Proficiency on state assessments, such as the PSSA, is a concern for administration, teachers, parents, and students. If AYP is not met funding is reduced and government involvement is instilled within the school districts at varying levels depending on the number of consecutive years the goal is not met (2). Members of the IEP subgroup who have a disability in the area being measured are clearly at a higher risk for not performing at a level of proficiency (8). The issue of passing statewide assessments, such as the PSSA, is becoming even more important since some states already do not permit students who do not pass the test to receive a diploma (9).
Although there has historically been a controversy between advocates for cognitive and behavioral approaches to teaching, NCLB has caused it to be even more pressing. Due to NCLB, teachers need to find the most effective strategy for assisting students with disabilities in passing state assessments. Directly teaching the skills through behavioral techniques has been deemed successful for students with learning and intellectual disabilities due to their common areas of deficits (10–18). Although the research has shown behavioral approaches’ successfulness for students with learning and intellectual disabilities, the advocates for cognitive approaches continue to criticize behavioral approaches for being too rigid (11, 19).
A substantial amount of research on teaching writing over the last several decades has been based on cognitive approaches, such as product, process, and Self-Regulated Strategies Development (SRSD). A large portion of this research was conducted by Graham (20) or replicated his work. Early on Graham (20) has found difficulties in imp­lementing cognitive strategies for students with learning and intellectual disabilities, which included deficits in composition, mechanics, and motivation (20–23). A review of the 30 years of SRSD research allowed re­searchers to find differences in strategies be­ha­vior, writing skills, knowledge, and motivation that led to difficulties utilizing this cognitive approach for students with learning and intellectual disabilities (6). Of the quantity of research on SRSD, only five experi­mental or quasi-experimental designs met the criteria for being acceptable research, while only nine single-subject designs were deemed of quality (24). None of the researchers who conducted studies on cogni­tive strategies addressed generalization of these skills to standards-based state assess­ments in writing.
Through reviewing the research on both cognitive and behavioral approaches, it can be determined that a behavioral approach for instruction in the use of strategies that provide explicit, teacher-directed instruction for all levels of the writing process is an essential component in teaching students with learning and intellectual disabilities to learn to write and generalize these skills to a proficient level on state assessments (7, 25). Although there are no other studies speci­fically addressing Fading Prompts through Graphic Organizers method (FPGO), due to the author creating the program, there is substantial research on other behavioral approaches that utilize graphic organizers. Researchers have found significant gains in writing for students with learning and intellectual disabilities as measured by Correct Word Sequencing (CWS), and the standardized TOWL-3, and maintenance of these skills through the use of the behavioral approach(16–18).
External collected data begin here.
(* Let $n,m\ge 3$ and let $G=P_n\square P_m$ be the grid graph. For every $k\ge 3$, no $k$-minimal of $G$ contains more than one corner vertex.
   Context: The grid graph $P_n\square P_m$ has vertex set $\{(i,j):0\le i\le n-1,\ 0\le j\le m-1\}$, with $(i,j)$ adjacent to $(k,l)$ iff $|i-k|+|j-l|=1$; distance $d((i,j),(k,l))=|i-k|+|j-l|$. A vertex $w$ resolves $u,v$ if $d(w,u)\ne d(w,v)$; a set $R$ is resolving if every pair of distinct vertices is resolved by some vertex of $R$; a $k$-minimal is a resolving set $R$ of cardinality $k$ such that no $R\setminus\{x\}$, $x\in R$, is resolving. Corner vertices are the vertices of degree 2, namely $(0,0),(n-1,0),(0,m-1),(n-1,m-1)$. *)

From mathcomp Require Import all_boot.
Set Implicit Arguments. Unset Strict Implicit. Unset Printing Implicit Defensive.

Definition grid_vertex (n m : nat) := ('I_n * 'I_m)%type.

Definition absdiff (a b : nat) : nat := (a - b) + (b - a).

Definition grid_dist n m (u v : grid_vertex n m) : nat :=
  absdiff u.1 v.1 + absdiff u.2 v.2.

Definition resolves n m (w u v : grid_vertex n m) : bool :=
  grid_dist w u != grid_dist w v.

Definition resolving n m (R : {set grid_vertex n m}) : Prop :=
  forall u v : grid_vertex n m, u <> v -> exists2 w, w \in R & resolves w u v.

Definition k_minimal n m (k : nat) (R : {set grid_vertex n m}) : Prop :=
  [/\ resolving R, #|R| = k & forall x, x \in R -> ~ resolving (R :\ x)].

Definition is_corner n m (v : grid_vertex n m) : bool :=
  (((v.1 : nat) == 0) || ((v.1 : nat) == n.-1)) &&
  (((v.2 : nat) == 0) || ((v.2 : nat) == m.-1)).

From mathcomp Require Import all_boot.
From mathcomp Require Import zify.
Set Implicit Arguments. Unset Strict Implicit. Unset Printing Implicit Defensive.

(* Two distinct corners either lie on a common side of the grid or are opposite.
   Corners on a common side already resolve the whole grid, so in a resolving set
   of size at least 3 any third vertex is redundant.  For opposite corners the
   distances add up to the diameter, d(c1, u) + d(c2, u) = (n - 1) + (m - 1), so
   c2 resolves exactly the pairs c1 resolves and is redundant as soon as c1 is
   present. *)

Definition endpoint (n a : nat) : bool := (a == 0) || (a == n.-1).

Lemma absdiff_endpoint_inj n a u v : endpoint n a -> u < n -> v < n ->
  absdiff a u = absdiff a v -> u = v.
Proof. by rewrite /endpoint /absdiff => /orP[/eqP-> | /eqP->]; lia. Qed.

Lemma absdiff_opposite_endpoints n a b u : endpoint n a -> endpoint n b ->
  a != b -> u < n -> absdiff a u + absdiff b u = n.-1.
Proof.
by rewrite /endpoint /absdiff => /orP[/eqP-> | /eqP->] /orP[/eqP-> | /eqP->]; lia.
Qed.

Lemma endpoint_dists_inj n m a b1 b2 u1 u2 v1 v2 :
  endpoint n a -> endpoint m b1 -> endpoint m b2 -> b1 != b2 ->
  u1 < n -> v1 < n -> u2 < m -> v2 < m ->
  absdiff a u1 + absdiff b1 u2 = absdiff a v1 + absdiff b1 v2 ->
  absdiff a u1 + absdiff b2 u2 = absdiff a v1 + absdiff b2 v2 ->
  u1 = v1 /\ u2 = v2.
Proof.
move=> ea eb1 eb2 nb hu1 hv1 hu2 hv2 d1 d2.
have su := absdiff_opposite_endpoints eb1 eb2 nb hu2.
have sv := absdiff_opposite_endpoints eb1 eb2 nb hv2.
have e1 : u1 = v1 by apply: (absdiff_endpoint_inj ea) => //; lia.
by split=> //; apply: (absdiff_endpoint_inj eb1) => //; lia.
Qed.

Section GridCorners.

Variables n m : nat.
Implicit Types (u v : grid_vertex n m) (S R : {set grid_vertex n m}).

Lemma resolving_superset S R : S \subset R -> resolving S -> resolving R.
Proof.
move=> sSR resS u v nuv; have [w wS hw] := resS u v nuv.
by exists w => //; apply: (subsetP sSR).
Qed.

Lemma side_corners_resolving (c1 c2 : grid_vertex n m) :
  is_corner c1 -> is_corner c2 -> c1 != c2 ->
  (c1.1 == c2.1 :> nat) || (c1.2 == c2.2 :> nat) -> resolving [set c1; c2].
Proof.
case: c1 c2 => [a1 b1] [a2 b2] /andP[ea1 eb1] /andP[ea2 eb2] /= nc side.
move=> [u1 u2] [v1 v2] nuv.
case: (boolP (resolves (a1, b1) (u1, u2) (v1, v2))) => [r1 | /negbNE/eqP d1].
  by exists (a1, b1); rewrite ?inE ?eqxx.
case: (boolP (resolves (a2, b2) (u1, u2) (v1, v2))) => [r2 | /negbNE/eqP d2].
  by exists (a2, b2); rewrite ?inE ?eqxx ?orbT.
exfalso; apply: nuv; move: d1 d2; rewrite /grid_dist /=.
case/orP: side => /eqP ea.
- have nb : b1 != b2 by apply: contraNneq nc => eb; rewrite (val_inj ea) eb.
  rewrite -(val_inj ea) => d1 d2.
  have [] := endpoint_dists_inj ea1 eb1 eb2 nb (ltn_ord u1) (ltn_ord v1)
    (ltn_ord u2) (ltn_ord v2) d1 d2.
  by move=> /val_inj-> /val_inj->.
- have na : a1 != a2 by apply: contraNneq nc => ea'; rewrite (val_inj ea) ea'.
  rewrite -(val_inj ea) ![absdiff _ u1 + _]addnC ![absdiff _ v1 + _]addnC => d1 d2.
  have [] := endpoint_dists_inj eb1 ea1 ea2 na (ltn_ord u2) (ltn_ord v2)
    (ltn_ord u1) (ltn_ord v1) d1 d2.
  by move=> /val_inj-> /val_inj->.
Qed.

Lemma opposite_corners_dist (c1 c2 : grid_vertex n m) u :
  is_corner c1 -> is_corner c2 ->
  c1.1 != c2.1 :> nat -> c1.2 != c2.2 :> nat ->
  grid_dist c1 u + grid_dist c2 u = n.-1 + m.-1.
Proof.
case: c1 c2 u => [a1 b1] [a2 b2] [u1 u2] /andP[ea1 eb1] /andP[ea2 eb2] /= na nb.
rewrite /grid_dist /= addnACA.
by rewrite (absdiff_opposite_endpoints ea1 ea2 na (ltn_ord u1))
           (absdiff_opposite_endpoints eb1 eb2 nb (ltn_ord u2)).
Qed.

Lemma opposite_corners_resolve (c1 c2 : grid_vertex n m) u v :
  is_corner c1 -> is_corner c2 ->
  c1.1 != c2.1 :> nat -> c1.2 != c2.2 :> nat ->
  resolves c2 u v = resolves c1 u v.
Proof.
move=> k1 k2 na nb; rewrite /resolves.
have du := opposite_corners_dist u k1 k2 na nb.
have dv := opposite_corners_dist v k1 k2 na nb.
by apply/idP/idP; apply: contra => /eqP e; apply/eqP; lia.
Qed.

End GridCorners.

Theorem proposition1 (n m k : nat) (R : {set grid_vertex n m}) :
  3 <= n -> 3 <= m -> 3 <= k -> k_minimal k R ->
  #|[set v in R | is_corner v]| <= 1.
Proof.
move=> _ _ hk [resR cardR minR].
rewrite leqNgt; apply/negP => /card_gt1P [c1 [c2 [+ + nc]]].
rewrite !inE => /andP[c1R k1] /andP[c2R k2].
have [side | opp] := boolP ((c1.1 == c2.1 :> nat) || (c1.2 == c2.2 :> nat)).
- have : 0 < #|R :\: [set c1; c2]|.
    rewrite cardsD cardR.
    have := subset_leq_card (subsetIr R [set c1; c2]).
    rewrite cards2 nc /=; lia.
  case/card_gt0P => x; rewrite !inE => /andP[/norP[nx1 nx2] xR].
  apply: (minR x xR).
  apply: resolving_superset (side_corners_resolving k1 k2 nc side).
  apply/subsetP => y; rewrite !inE => /orP[]/eqP->.
  - by rewrite c1R eq_sym nx1.
  - by rewrite c2R eq_sym nx2.
- have [na nb] : c1.1 != c2.1 :> nat /\ c1.2 != c2.2 :> nat
    by move: opp; rewrite negb_or => /andP[].
  apply: (minR c2 c2R) => u v nuv.
  have [w wR rw] := resR u v nuv.
  have [ew | nw] := eqVneq w c2.
    exists c1; first by rewrite !inE c1R andbT; apply: contraNneq nc => ->.
    by rewrite -(opposite_corners_resolve u v k1 k2 na nb) -ew.
  by exists w; rewrite ?inE ?nw.
Qed.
Due to NCLB there is a need for researchers to further address generalization of learned skills to state assessments. Researchers found that through the behavioral approach of fading prompts in graphic organizers, three students with learning disabilities were able to advance from below basic (1) to a level of proficient (3) on the PSSA, while two did not pass the assessment; they did advanced from a score of below basic (1) to basic (2) (26). Researchers found that all the common characteristics of students with learning and intellectual disabilities needed to be addressed in order to assist them in passing state assessments (27–29). Researchers have also found that when explicit instruction, such as utilized in a behavioral approach, is provided to students with learning disabilities they can perform at the same level as their nondisabled peers, maintain these skills over time, and generalize these skills to state assessments (30). The purpose of this quantitative study was to examine the performance scores on the PSSA writing prompts assessment following FPGO as a treatment for students with learning and intellec­tual disabilities by comparing archi­ved pretest, posttest, and actual PSSA results to determine if significant differences existed. The participants’ PSSA results were also compared to the average state PSSA results for the IEP subgroup. As more is learned about the effectiveness of FPGO, schools may use this information to assist students in passing state assessments in the area of writing.

Materials and Method
The sample population was taken from a small town located in northwestern Pennsylvania. The sample size included a total of 45 students, ranging in age from 13 to 18 years old, who were placed in the learning support English setting by the IEP team in 8th or 11th grade (PSSA testing grade levels) for the 2005-2010 school years. The sampling included all students labeled with a learning disability in writing or an intellectual disability who were exposed to FPGO treatment, which was an inclusive group. In 2005-2006, the sample included 7 students in the 8th grade. During 2006-2007, 7 students in the 11th grade were included. In 2007-2008, three 8th grade students were included and 11 students in 11th grade participated. In the 2008-2009 school year 7 students in the 11th grade were included. During the 2009-2010 school year 10 students in the 11th grade were involved. The demographic characteristics of the 45 students consisted of 34 students with a learning disability, which represents 76%, and eleven with an intellectual disability, which represents 24%. Thirteen of the students were female, while 32 were male. Racially, 100% of students were Caucasian, due to 99% of the population within the school district being Caucasian.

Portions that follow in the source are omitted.